### Try it
Each line of the records that includes "QPset" should be found and copied.

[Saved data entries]
::::

Lemma anchor_weight_le_half : 2 * anchor_weight <= 1.
Proof.
have : 1 <= #|anchor|%:R :> R by rewrite ler1n lt0n -(pnatr_eq0 R) card_anchor_neq0.
by move: card_anchor_weight anchor_weight_gt0; nra.
Qed.

Section Instance.
Variable I : pinst R.

Definition xvar : finType := ('I_(nX I) + 'I_(mX I))%type.
Definition yvar : finType := ('I_(nY I) + 'I_(mY I))%type.
Definition free_var : finType := (('I_(nX I) + 'I_(nY I)) + anchor)%type.
Definition aux_var : finType := (('I_(mX I) + 'I_(mY I)) + (xvar * yvar * yvar * bool))%type.
Definition main_var : finType := (free_var + aux_var)%type.

Definition cover_formula : seq (ppatom (sym A)) := phiD #|main_var|.

Definition xv (x : xvar) : main_var :=
  match x with inl i => inl (inl (inl i)) | inr i => inr (inl (inl i)) end.
Definition yv (y : yvar) : main_var :=
  match y with inl j => inl (inl (inr j)) | inr j => inr (inl (inr j)) end.
Definition zv (t : xvar * yvar * yvar) (b : bool) : main_var := inr (inr (t, b)).

(* [zv t false] and [zv t true] stand for the points (b, c) and (b, c') of
   P = B x C witnessing R(b, c, c'). *)
Definition atom_constraints (a : patom xvar yvar) : seq (sym A * seq main_var) :=
  match a with
  | PR x y y' => [:: (sb, [:: xv x; zv (x, y, y') false]);
                     (sg, [:: yv y; zv (x, y, y') false]);
                     (sb, [:: xv x; zv (x, y, y') true]);
                     (sg, [:: yv y'; zv (x, y, y') true]);
                     (sa, [:: zv (x, y, y') false; zv (x, y, y') true])]
  | PEqB x x' => [:: (sb, [:: xv x; xv x'])]
  | PEqC y y' => [:: (sg, [:: yv y; yv y'])]
  end.

Definition main_constraints : seq (sym A * seq main_var) :=
  flatten (map atom_constraints (patoms I)).

Local Notation gvar := (gadget_var cover_formula).
Local Notation gadget_constraints := (gadget main_var cover_formula).

Definition embed_var (u : main_var + gvar) : free_var + (aux_var + gvar) :=
  match u with inl (inl v) => inl v | inl (inr v) => inr (inl v) | inr g => inr (inr g) end.

Definition target_constraints : seq (sym A * seq (free_var + (aux_var + gvar))) :=
  [seq (c.1, map embed_var c.2)
  | c <- [seq (c.1, map inl c.2) | c <- main_constraints] ++ gadget_constraints].

Definition weight (v : free_var) : R :=
  match v with inl (inl i) => wX I i / 2 | inl (inr j) => wY I j / 2 | inr _ => anchor_weight end.

Definition target : einst R A := einst_of target_constraints weight.

Definition fprime_of (fX : 'I_(nX I) -> B) (fY : 'I_(nY I) -> C) (v : free_var) : dom A :=
  match v with
  | inl (inl i) => beta_point (fX i)
  | inl (inr j) => gamma_point (fY j)
  | inr x => val x
  end.

Definition query (v : free_var) : seq ('I_(nX I) + 'I_(nY I)) :=
  match v with inl (inl i) => [:: inl i] | inl (inr j) => [:: inr j] | inr _ => [::] end.

Definition answer (v : free_var) (s : seq (B + C)) : dom A :=
  match v, s with
  | inl (inl _), [:: inl b] => beta_point b
  | inl (inr _), [:: inr c] => gamma_point c
  | inr x, _ => val x
  | _, _ => p1 (* unreachable: [s] answers [query v] *)
  end.

Definition outcome : routcome A B C I :=
  @ROut R A B C I target (fun v => query (enum_val v)) (fun v => answer (enum_val v)).

Lemma fprime_outcome fX fY v : fprime outcome fX fY (enum_rank v) = fprime_of fX fY v.
Proof. by rewrite /fprime /= enum_rankK; case: v => [[i|j]|x]. Qed.

Lemma target_constraints_holds H :
  all (constraint_holds H) target_constraints =
  all (constraint_holds (H \o embed_var \o inl)) main_constraints &&
  all (constraint_holds (H \o embed_var)) gadget_constraints.
Proof. by rewrite all_constraint_holds_map all_cat all_constraint_holds_map. Qed.

Lemma main_var_gt0 : (0 < #|main_var|)%N.
Proof. by apply/card_gt0P; exists (inl (inr (exist _ p1 p1P))). Qed.

Lemma cover_formula_defines : ppdefines (@covered #|main_var|) cover_formula.
Proof. exact: phiD_defines main_var_gt0. Qed.

Lemma all_main_constraints (H : main_var -> dom A) :
  all (constraint_holds H) main_constraints =
  all (fun a => all (constraint_holds H) (atom_constraints a)) (patoms I).
Proof. by rewrite /main_constraints; elim: (patoms I) => //= a s IH; rewrite all_cat IH. Qed.

Lemma main_constraints_wf : all (fun c => size c.2 == arity c.1) main_constraints.
Proof.
rewrite /main_constraints; elim: (patoms I) => //= -[x y y'|x x'|y y'] s IH;
  by rewrite all_cat IH /= ?arity_a ?arity_b ?arity_g.
Qed.

Lemma weight_ge0 : pent_wf I -> forall v, 0 <= weight v.
Proof.
case=> wX0 wY0 _ [[i|j]|x] /=; last exact: ltW anchor_weight_gt0.
  by rewrite divr_ge0.
by rewrite divr_ge0.
Qed.

Lemma weight_sum : pent_wf I -> \sum_v weight v = 1.
Proof.
case=> _ _ wsum; rewrite !big_sumType /= sumr_const -!mulr_suml.
rewrite -[anchor_weight *+ _]mulr_natr (_ : #|xpredT| = #|anchor|) //.
rewrite [anchor_weight * _]mulrC card_anchor_weight.
by move: wsum; lra.
Qed.

Lemma target_wf : pent_wf I -> ecsp_wf target.
Proof.
move=> wfI; split.
- rewrite /= !all_map all_cat all_map; apply/andP; split.
    by apply: sub_all main_constraints_wf => c; rewrite /preim /= !size_map.
  by apply: sub_all (gadget_wf cover_formula_defines) => c; rewrite /preim /= !size_map.
- by move=> i; apply: weight_ge0.
- by rewrite einst_of_weights weight_sum.
Qed.

Lemma source_vars_gt0 : pent_wf I -> (0 < nX I + nY I)%N.
Proof.
case=> _ _ /eqP; rewrite lt0n; apply: contraTneq => n0.
by rewrite !big1 ?addr0 1?eq_sym ?oner_eq0 // => i _; have := ltn_ord i; lia.
Qed.

Lemma target_size : pent_wf I -> (en target <= #|dom A|.+1 * (nX I + nY I))%N.
Proof.
move=> /source_vars_gt0 n0; rewrite /= !card_sum !card_ord mulSn leq_add2l.
by apply: leq_trans (leq_pmulr _ n0); rewrite card_sig max_card.
Qed.

Section Completeness.
Variables (fX : 'I_(nX I) -> B) (fY : 'I_(nY I) -> C).
Variables (gX : {ffun 'I_(mX I) -> B}) (gY : {ffun 'I_(mY I) -> C}).

Definition pR_witness (x : xvar) (y y' : yvar) (p : dom A * dom A) : bool :=
  [&& p.1 \in val (sumval fX gX x), p.1 \in val (sumval fY gY y),
      p.2 \in val (sumval fX gX x), p.2 \in val (sumval fY gY y') & brel sa p.1 p.2].

Definition main_assignment (w : main_var) : dom A :=
  match w with
  | inl v => fprime_of fX fY v
  | inr (inl (inl i)) => beta_point (gX i)
  | inr (inl (inr j)) => gamma_point (gY j)
  | inr (inr ((x, y, y'), b)) =>
      if [pick p | pR_witness x y y' p] is Some p then (if b then p.2 else p.1) else p1
  end.

Lemma main_assignment_in w : main_assignment w \in P.
Proof.
case: w => [[[i|j]|x]|[[i|j]|[[[x y] y'] b]]] /=;
  rewrite ?beta_point_in ?gamma_point_in ?(valP x) //.
case: pickP => [p /and5P[p1x _ p2x _ _]|_] //.
by case: b; [apply: pclass_subset p2x | apply: pclass_subset p1x].
Qed.

Lemma main_assignment_xv x : main_assignment (xv x) = beta_point (sumval fX gX x).
Proof. by case: x. Qed.

Lemma main_assignment_yv y : main_assignment (yv y) = gamma_point (sumval fY gY y).
Proof. by case: y. Qed.

Lemma main_assignment_holds :
  all (patom_holds Rl (sumval fX gX) (sumval fY gY)) (patoms I) ->
  all (constraint_holds main_assignment) main_constraints.
Proof.
rewrite all_main_constraints; apply: sub_all => -[x y y'|x x'|y y'] /=;
  rewrite /constraint_holds /= ?main_assignment_xv ?main_assignment_yv.
- case: pickP => [[z z'] /and5P[zx zy z'x z'y zz'] _|none /existsP[z /existsP[z' zz']]].
    have beta_pt := pclass_rel beta_equiv (beta_point_mem _).
    have gamma_pt := pclass_rel gamma_equiv (gamma_point_mem _).
    move: (beta_pt _ _ zx) (gamma_pt _ _ zy) (beta_pt _ _ z'x) (gamma_pt _ _ z'y) zz'.
    by rewrite /brel /= => -> -> -> -> ->.
  by move: (none (z, z')); rewrite /pR_witness /= zz'.
- by move=> /eqP <-; rewrite andbT; apply: (equiv_refl beta_equiv (beta_point_in _)).
- by move=> /eqP <-; rewrite andbT; apply: (equiv_refl gamma_equiv (gamma_point_in _)).
Qed.

End Completeness.

Lemma main_sound (H : main_var -> dom A) :
  (forall w, H w \in P) -> all (constraint_holds H) main_constraints ->
  pent_sat Rl I [ffun i => beta_class (H (xv (inl i)))] [ffun j => gamma_class (H (yv (inl j)))].
Proof.
move=> HP; rewrite all_main_constraints => holds.
apply/existsP; exists [ffun i => beta_class (H (xv (inr i)))].
apply/existsP; exists [ffun j => gamma_class (H (yv (inr j)))].
set hX := sumval _ _; set hY := sumval _ _.
have EX x : hX x = beta_class (H (xv x)) by case: x => i; rewrite /hX /= ffunE.
have EY y : hY y = gamma_class (H (yv y)) by case: y => j; rewrite /hY /= ffunE.
apply: sub_all holds => -[x y y'|x x'|y y'] /=; rewrite /constraint_holds /= ?andbT.
- case/and5P => zx zy z'x z'y zz'; rewrite EX !EY.
  apply/existsP; exists (H (zv (x, y, y') false)); apply/existsP; exists (H (zv (x, y, y') true)).
  by rewrite !val_class_of // !inE !HP; apply/and5P; split.
- by move=> xx'; rewrite !EX; apply/eqP/(class_of_rel beta_equiv p1P (HP _) (HP _) xx').
- by move=> yy'; rewrite !EY; apply/eqP/(class_of_rel gamma_equiv p1P (HP _) (HP _) yy').
Qed.

Lemma target_complete fX fY : pent_sat Rl I fX fY -> ecsp_sat target (fprime outcome fX fY).
Proof.
case/existsP => gX /existsP[gY sat]; set h := main_assignment fX fY gX gY.
have [g gadget_h] : exists g, all (constraint_holds (sumval h g)) gadget_constraints.
  apply: (gadget_complete cover_formula_defines); apply: covered_of_P => i.
  by rewrite tnth_mktuple main_assignment_in.
rewrite einst_of_sat; apply/existsP; exists [ffun v => sumval (h \o inr) g v].
set H := sumval _ _; have EH : H \o embed_var =1 sumval h g.
  by case=> [[v|v]|v]; [exact: (fprime_outcome fX fY v) | rewrite /H /= ffunE ..].
rewrite target_constraints_holds (eq_all (constraint_holds_ext EH)) gadget_h andbT.
by rewrite (eq_all (constraint_holds_ext (fun w => EH (inl w)))) main_assignment_holds.
Qed.

Lemma anchors_fixed fX fY (H : free_var -> dom A) : pent_wf I ->
  \sum_(v | fprime_of fX fY v != H v) weight v < anchor_weight ->
  forall x : anchor, H (inr x) = val x.
Proof.
move=> wfI close x; apply/eqP; rewrite eq_sym; apply: contraTT close => moved.
rewrite -leNgt (bigD1 (inr x)) //= lerDl.
by apply: sumr_ge0 => v _; apply: weight_ge0.
Qed.

Lemma main_in_P (H : main_var + gvar -> dom A) :
  all (constraint_holds H) gadget_constraints ->
  (forall x : anchor, H (inl (inl (inr x))) = val x) -> forall w, H (inl w) \in P.
Proof.
move=> /(gadget_sound cover_formula_defines (@covered_separates _)).
case/existsP => Q /andP[QPset HQ] anchors.
have inQ w : H (inl w) \in Q.
  have -> : H (inl w) = tnth (tuple_of_fun (H \o inl)) (enum_rank w).
    by rewrite tnth_mktuple enum_rankK.
  by move/allP: HQ; apply; apply: mem_tnth.
have PQ : P \subset Q.
  by apply/subsetP => x xP; have /= <- := anchors (exist _ x xP); apply: inQ.
by case: (eqVneq Q P) => [<- //|/(P_maximal QPset)]; rewrite PQ.
Qed.

Lemma pent_diff_le fX fY (H : main_var -> dom A) : pent_wf I ->
  pent_diff I fX [ffun i => beta_class (H (xv (inl i)))] fY [ffun j => gamma_class (H (yv (inl j)))]
  <= 2 * \sum_(v | fprime_of fX fY v != H (inl v)) weight v.
Proof.
move=> wfI; case: (wfI) => wX0 wY0 _.
have anchors0 : 0 <= \sum_(x | val x != H (inl (inr x))) weight (inr x).
  by apply: sumr_ge0 => x _; apply: weight_ge0.
have diffX : \sum_(i | fX i != beta_class (H (xv (inl i)))) wX I i <=
             \sum_(i | beta_point (fX i) != H (xv (inl i))) wX I i.
  by apply: ler_sum_subpred => // i; apply: contra => /eqP <-; rewrite beta_class_point.
have diffY : \sum_(j | fY j != gamma_class (H (yv (inl j)))) wY I j <=
             \sum_(j | gamma_point (fY j) != H (yv (inl j))) wY I j.
  by apply: ler_sum_subpred => // j; apply: contra => /eqP <-; rewrite gamma_class_point.
rewrite /pent_diff !big_sumType /= -!mulr_suml.
under eq_bigl do rewrite ffunE.
under [X in _ + X <= _]eq_bigl do rewrite ffunE.
by move: anchors0 diffX diffY; lra.
Qed.

Lemma target_sound eps fX fY : pent_wf I -> 0 < eps < 1 ->
  pent_dist_ge Rl I fX fY eps -> ecsp_dist_ge target (fprime outcome fX fY) (anchor_weight * eps).
Proof.
move=> wfI /andP[eps0 eps1] far; apply/forallP => h; apply/implyP.
rewrite einst_of_sat => /existsP[G]; set H := sumval _ G.
rewrite target_constraints_holds => /andP[main gad].
rewrite einst_of_diff (eq_bigl (fun v => fprime_of fX fY v != H (inl v))) => [|v]; last first.
  by rewrite fprime_outcome.
rewrite leNgt; apply/negP => close.
have small_weight : anchor_weight * eps < anchor_weight by rewrite gtr_pMr ?anchor_weight_gt0.
have anchors := anchors_fixed wfI (lt_trans close small_weight).
have inP := main_in_P gad anchors.
move/forallP/(_ [ffun i => beta_class (H (embed_var (inl (xv (inl i)))))]): far.
move/forallP/(_ [ffun j => gamma_class (H (embed_var (inl (yv (inl j)))))]).
move/implyP/(_ (main_sound inP main)).
have := pent_diff_le fX fY (H \o embed_var \o inl) wfI.
by move: anchor_weight_le_half anchor_weight_gt0 close; nra.
Qed.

::::

### Result for this exercise
case/existsP => Q /andP[QPset HQ] anchors.
by case: (eqVneq Q P) => [<- //|/(P_maximal QPset)]; rewrite PQ.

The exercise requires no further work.